HOW TO COMPLETE THIS TASK: Sift through the material below and return the lines with "Require".

** Opening DATASET ENTRIES block **

(* Let $\mathfrak{G}$ be a non-redundant assembly graph and $\mathfrak{C}=\mathrm{CPC}(\mathfrak{G})$. Then the following finite strings are conductors for $\mathfrak{C}$: (i) any superstring of a conductor for $\mathfrak{C}$; (ii) any vertex, edge, or walk label in $\mathfrak{G}$; (iii) any string that is not a substring of $\mathfrak{C}$; (iv) any string that is at least as long as the longest edge label in $\mathfrak{G}$.
   Context: All strings are over a fixed finite alphabet $\Sigma$. A cyclic string is a bi-infinite periodic word $\mathbb{Z}\to\Sigma$, considered up to shifting indices; for a nonempty finite string $x$, $\langle x\rangle$ is the cyclic string repeating $x$ in both directions. A chromosome-set is a set of cyclic strings; a finite string is a substring of a chromosome-set if it is a contiguous block of one of its elements. A string $u$ is a proper infix of $w$ if $w=aub$ with $a,b$ nonempty. An abstract assembly graph is a finite directed multigraph in which each vertex and edge carries a label (a finite or cyclic string) such that for every edge $e$ from $u$ to $v$, $Label(u)$ is a prefix and $Label(v)$ a suffix of $Label(e)$. An edge $e$ from $u$ to $v$ is a prefix edge if $Label(e)=Label(v)$, a suffix edge if $Label(e)=Label(u)$. An assembly graph is an abstract assembly graph in which every vertex and edge lies on a directed cycle and no edge is both a prefix and a suffix edge. The label of a walk $v_0,e_1,\dots,e_n,v_n$ is $Label(e_1)$ followed, for $i\ge 2$, by $Label(e_i)$ with its first $|Label(v_{i-1})|$ characters removed; a walk with no edges has its vertex label. A circuit is a primitive closed walk up to rotation; if its walk label is $Label(v_0)x$, its label is $\langle x\rangle$. $\mathrm{CPC}(\mathfrak{G})$ is the set of circuit labels of $\mathfrak{G}$. $P$ is an inner subwalk of $Q$ if $Q=APB$ with walks $A,B$ each having at least one edge. The graph is non-redundant if whenever $Label(P)$ is a proper infix of $Label(Q)$ for walks $P,Q$, $P$ is an inner subwalk of $Q$. A finite string $v$ is a conductor for a chromosome-set $\mathfrak{C}$ if for all nonempty finite strings $a,b$ such that $va$ and $vb$ both end with $v$ (i.e. $va=a'v$, $vb=b'v$ for some $a',b'$), we have $\langle ab\rangle\in\mathfrak{C}$ if and only if $\langle a\rangle\in\mathfrak{C}$ and $\langle b\rangle\in\mathfrak{C}$. *)

From HB Require Import structures.
From mathcomp Require Import all_boot all_order all_algebra.
Set Implicit Arguments. Unset Strict Implicit. Unset Printing Implicit Defensive.
Import GRing.Theory Num.Theory.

** Closing DATASET ENTRIES block **

SOLUTION TO THE PROBLEM:
From HB Require Import structures.
From mathcomp Require Import all_boot all_order all_algebra.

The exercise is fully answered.